```
load("project_dataset.RData")
head(CCLE_MUT_CNA_AMP_DEL_binary_Revealer[,1:4])
```

The **CCLE_MUT_CNA_AMP_DEL_binary_Revealer** file
contains mutations for each cell line, from the CCLE project. Each line
corresponds to a mutation (of various types) in a gene; for example
HDAC6_MUT indicates a single base mutation (MUT) in the HDAC6 gene. Each
column from the third corresponds to a cell line. An entry to 1
indicates that the mutation in that gene is present in the cell line,
while 0 indicates that the mutation is not present in the cell line.
More info about the project can be found here: https://portals.broadinstitute.org/ccle/about.

```
target <- target_data_NAcount_August21
row.names(target) <- as.character(target[,1])
target <- target[,-1]
head(target[,1:4])
```

The **target_data_NAcount_August21** file contains
the response of cell lines to various pharmacological compounds, from
the GDSC project.

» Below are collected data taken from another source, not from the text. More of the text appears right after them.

(* Let $(a,b,c)$ be a cyclic triple, assume (AW), that $(A^a,A^b)$ is a Leonard pair as in the context, and that $(A^c,A^a)$ is also a Leonard pair with eigenvalue orderings $\theta^c_0,\dots,\theta^c_{2s}$ and $\theta^a_0,\dots,\theta^a_{2s}$ (for which the other operator acts irreducibly tridiagonally). Let $\{|\theta^a_M\rangle\}$ be the eigenbasis of $A^a$ attached to the pair $(A^a,A^b)$ (described in the context). Then for $0\le M\le 2s$, $$A^c|\theta^a_M\rangle=A^{(c,a)}_{M+1,M}\,\mathfrak f(M)\,|\theta^a_{M+1}\rangle+A^{(c,a)}_{M,M}|\theta^a_M\rangle+A^{(c,a)}_{M-1,M}\,\mathfrak f(M-1)^{-1}|\theta^a_{M-1}\rangle,$$ where $\mathfrak f(k)=\dfrac{\mathsf c^aq^{-2k-2}+r_0q^{-1}\mathsf c^b\mathsf b^c}{\mathsf b^aq^{2k}+r_0q^{-1}\mathsf c^b\mathsf b^c}$ (the last term is absent for $M=0$). Equivalently, with $f_M=f_0\prod_{k=0}^{M-1}\mathfrak f(k)$ for any $f_0\neq0$, the vectors $f_M|\theta^a_M\rangle$ form an eigenbasis of $A^a$ on which $A^c$ acts with the coefficients $A^{(c,a)}$.
   Context: $q\in\mathbb C^*$ is not a root of unity, $s\in\{0,\tfrac12,1,\dots\}$, $\mathcal V$ a complex vector space of dimension $2s+1$ with identity $\mathbb I$; $[X,Y]_q=qXY-q^{-1}YX$. Labels range over $\{\cdot,*,\diamond\}$; $A^{\cdot}=A$, $\mathsf b^\cdot=\mathsf b$, $\mathsf c^\cdot=\mathsf c$. Fix nonzero $r_0,\mathsf b^a,\mathsf c^a$ with $r_0^{-2}=\mathsf b\mathsf c=\mathsf b^*\mathsf c^*=\mathsf b^\diamond\mathsf c^\diamond$; $\theta^a_M=\mathsf b^aq^{2M}+\mathsf c^aq^{-2M}$; for distinct $a,b,c$, $\omega^{\{a,b,c\}}=-(q-q^{-1})^2(\theta^a_s\theta^b_s-r_0^{-1}(q^{2s+1}+q^{-2s-1})\theta^c_s)$. For $A,A^*\in\mathrm{End}(\mathcal V)$ set $A^\diamond=\frac{r_0}{q^2-q^{-2}}[A^*,A]_q+\frac{r_0\omega^{\{\cdot,*,\diamond\}}}{(q-q^{-1})(q^2-q^{-2})}\mathbb I$. Hypothesis (AW): for every ordered pair $(a,b)$ of distinct labels, $c$ the remaining one, $[A^a,[A^a,A^b]_q]_{q^{-1}}=-\frac{(q^2-q^{-2})^2}{r_0^2}A^b+\omega^{\{a,b,c\}}A^a+\frac{q+q^{-1}}{r_0}\omega^{\{a,c,b\}}\mathbb I$. A Leonard pair on $\mathcal V$ is a pair of diagonalizable operators such that each has an eigenbasis in which the other is represented by an irreducible tridiagonal matrix. A cyclic triple is one of $(\cdot,*,\diamond),( *,\diamond,\cdot),(\diamond,\cdot,* )$. Coefficients: for a cyclic triple $(a,b,c)$, $A^{(b,a)}_{M,M-1}=q^{2-4s}\frac{(1-q^{2M})(\mathsf c^a-\mathsf b^aq^{2M+4s})(\mathsf b^b\mathsf b^cr_0q^{4s-1}+\mathsf b^aq^{2M-2})(\mathsf c^a\mathsf c^cr_0q^{-1}+\mathsf c^bq^{2M-2})}{(\mathsf c^a-\mathsf b^aq^{4M-2})(\mathsf c^a-\mathsf b^aq^{4M})}$, $A^{(b,a)}_{M-1,M}=\frac{(1-q^{2M-4s-2})(\mathsf c^a-\mathsf b^aq^{2M-2})(\mathsf c^a+\mathsf b^b\mathsf b^cr_0q^{2M+4s-1})(\mathsf c^b+\mathsf b^a\mathsf c^cr_0q^{2M-1})}{(\mathsf c^a-\mathsf b^aq^{4M-4})(\mathsf c^a-\mathsf b^aq^{4M-2})}$, $A^{(b,a)}_{M,M}=\theta^b_0-A^{(b,a)}_{M,M+1}-A^{(b,a)}_{M,M-1}$; coefficients with indices outside $\{0,\dots,2s\}$ are $0$. $A^{(a,b)}_{M,N}$ is the image of $A^{(b,a)}_{M,N}$ under $\mathsf b^a\leftrightarrow\mathsf b^b$, $\mathsf c^a\leftrightarrow\mathsf c^b$, $\mathsf b^c\mapsto q^{-4s}\mathsf c^c$, $\mathsf c^c\mapsto q^{4s}\mathsf b^c$. This defines $A^{(x,y)}$ for all six ordered pairs of distinct labels (in particular $A^{(c,a)}$ is obtained from the cyclic triple $(c,a,b)$). Bases attached to a Leonard pair: for cyclic $(a,b,c)$ with $(A^a,A^b)$ a Leonard pair (eigenvalue orderings $\theta^a_M,\theta^b_M$), there are bases $\{|\theta^a_M\rangle\}$, $\{|\theta^b_M\rangle\}$ with $A^a|\theta^a_M\rangle=\theta^a_M|\theta^a_M\rangle$, $A^b|\theta^a_M\rangle=A^{(b,a)}_{M+1,M}|\theta^a_{M+1}\rangle+A^{(b,a)}_{M,M}|\theta^a_M\rangle+A^{(b,a)}_{M-1,M}|\theta^a_{M-1}\rangle$, $A^b|\theta^b_M\rangle=\theta^b_M|\theta^b_M\rangle$, $A^a|\theta^b_M\rangle=A^{(a,b)}_{M+1,M}|\theta^b_{M+1}\rangle+A^{(a,b)}_{M,M}|\theta^b_M\rangle+A^{(a,b)}_{M-1,M}|\theta^b_{M-1}\rangle$; these are the bases ''attached to the pair $(A^a,A^b)$''. *)

(* The complex numbers are modelled as  R[i]  (real_closed's
   complex) over an arbitrary  R : realType  (any realType is isomorphic to the
   reals, so R[i] is the field of complex numbers). *)
From HB Require Import structures.
From mathcomp Require Import all_boot all_order all_algebra.
From mathcomp Require Import complex.
From mathcomp Require Import reals.

Set Implicit Arguments.
Unset Strict Implicit.
Unset Printing Implicit Defensive.

Import Order.TTheory GRing.Theory Num.Theory.
Local Open Scope ring_scope.

Inductive label := Ldot | Lstar | Ldiam.

Definition third (x y : label) : label :=
  match x, y with
  | Ldot, Lstar | Lstar, Ldot => Ldiam
  | Ldot, Ldiam | Ldiam, Ldot => Lstar
  | _, _ => Ldot
  end.

Definition cyclic3 (a b c : label) : Prop :=
  (a, b, c) = (Ldot, Lstar, Ldiam) \/ (a, b, c) = (Lstar, Ldiam, Ldot) \/
  (a, b, c) = (Ldiam, Ldot, Lstar).

Section Defs.
Variable C : fieldType.

Definition not_root_of_unity (q : C) : Prop := forall k : nat, (0 < k)%N -> q ^+ k != 1.

Definition qcomm (q : C) (n : nat) (X Y : 'M[C]_n) : 'M[C]_n :=
  q *: (X *m Y) - q^-1 *: (Y *m X).

(* Throughout, N stands for 2s (so dim V = N+1), q, r0 are the parameters and
   bv l, cv l stand for b^l, c^l. *)
Variables (q r0 : C) (N : nat) (bv cv : label -> C).

(* b q^k + c q^{-k};  theta^l_M = thetaE l (2M),  theta^l_s = thetaE l N *)
Definition thetaE (l : label) (k : int) : C := bv l * q ^ k + cv l * q ^ (- k).
Definition theta (l : label) (M : int) : C := thetaE l (2 * M).

Definition omega (x y z : label) : C :=
  - (q - q^-1) ^+ 2 *
    (thetaE x N%:Z * thetaE y N%:Z
     - r0^-1 * (q ^ (N%:Z + 1) + q ^ (- (N%:Z + 1))) * thetaE z N%:Z).

Definition Aop (A As : 'M[C]_N.+1) (l : label) : 'M[C]_N.+1 :=
  match l with
  | Ldot => A
  | Lstar => As
  | Ldiam => (r0 / (q ^+ 2 - q ^- 2)) *: qcomm q As A
             + (r0 * omega Ldot Lstar Ldiam / ((q - q^-1) * (q ^+ 2 - q ^- 2)))%:M
  end.

Definition AW (A As : 'M[C]_N.+1) : Prop :=
  forall x y : label, x <> y ->
    let z := third x y in
    qcomm q^-1 (Aop A As x) (qcomm q (Aop A As x) (Aop A As y)) =
      (- (q ^+ 2 - q ^- 2) ^+ 2 / r0 ^+ 2) *: Aop A As y
      + omega x y z *: Aop A As x
      + ((q + q^-1) / r0 * omega x z y)%:M.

Each row corresponds to a compound; each column
corresponds to a cell line. The value of an entry is a measure of how
much the cell line responds to the drug compound. More info about the
project can be found here: https://www.cancerrxgene.org/

```
library(readr)
pathways <- read_delim("PathwayCommons12.panther.hgnc.txt",
"\t", escape_double = FALSE,
col_types = cols(INTERACTION_DATA_SOURCE = col_skip(),
INTERACTION_PUBMED_ID = col_skip(),
INTERACTION_TYPE = col_skip(), MEDIATOR_IDS = col_skip(),
PATHWAY_NAMES = col_skip()), trim_ws = TRUE)
head(pathways)
```

The **PathwayCommons12.panther.hgnc** file contains all
the gene-gene interactions discovered so far; this is useful in order to
smooth the mutations matrix, which is extremely sparse. It has been
downloaded from https://www.pathwaycommons.org/.

```
suppressPackageStartupMessages({
conflictRules("DelayedArray", exclude = "seed")
library(NMF)
library(SummarizedExperiment)
library(netSmooth)
library(stringi)
library(stringr)
library(readr)
library(igraph)
library(tidyverse)
library(caret)
library(neuralnet)
library(plotly)
})
```

The CCLE dataset sonsiders 48270 mutations: since the human genetic pool consists of around 20000 genes, and each one can mutate in three different ways (insertion, deletion, single-base mutation, the dataset is involving almost every possible mutation (20k*3 = 60k). It is necessary to select the most relevant mutations, because they exceed enourmously the number of cell lines, having a strong impact on future computations. The Non-Negative Matrix Factorization (NMF) is a powerful tool to perform feature selection, but it works well with non-sparse matrices.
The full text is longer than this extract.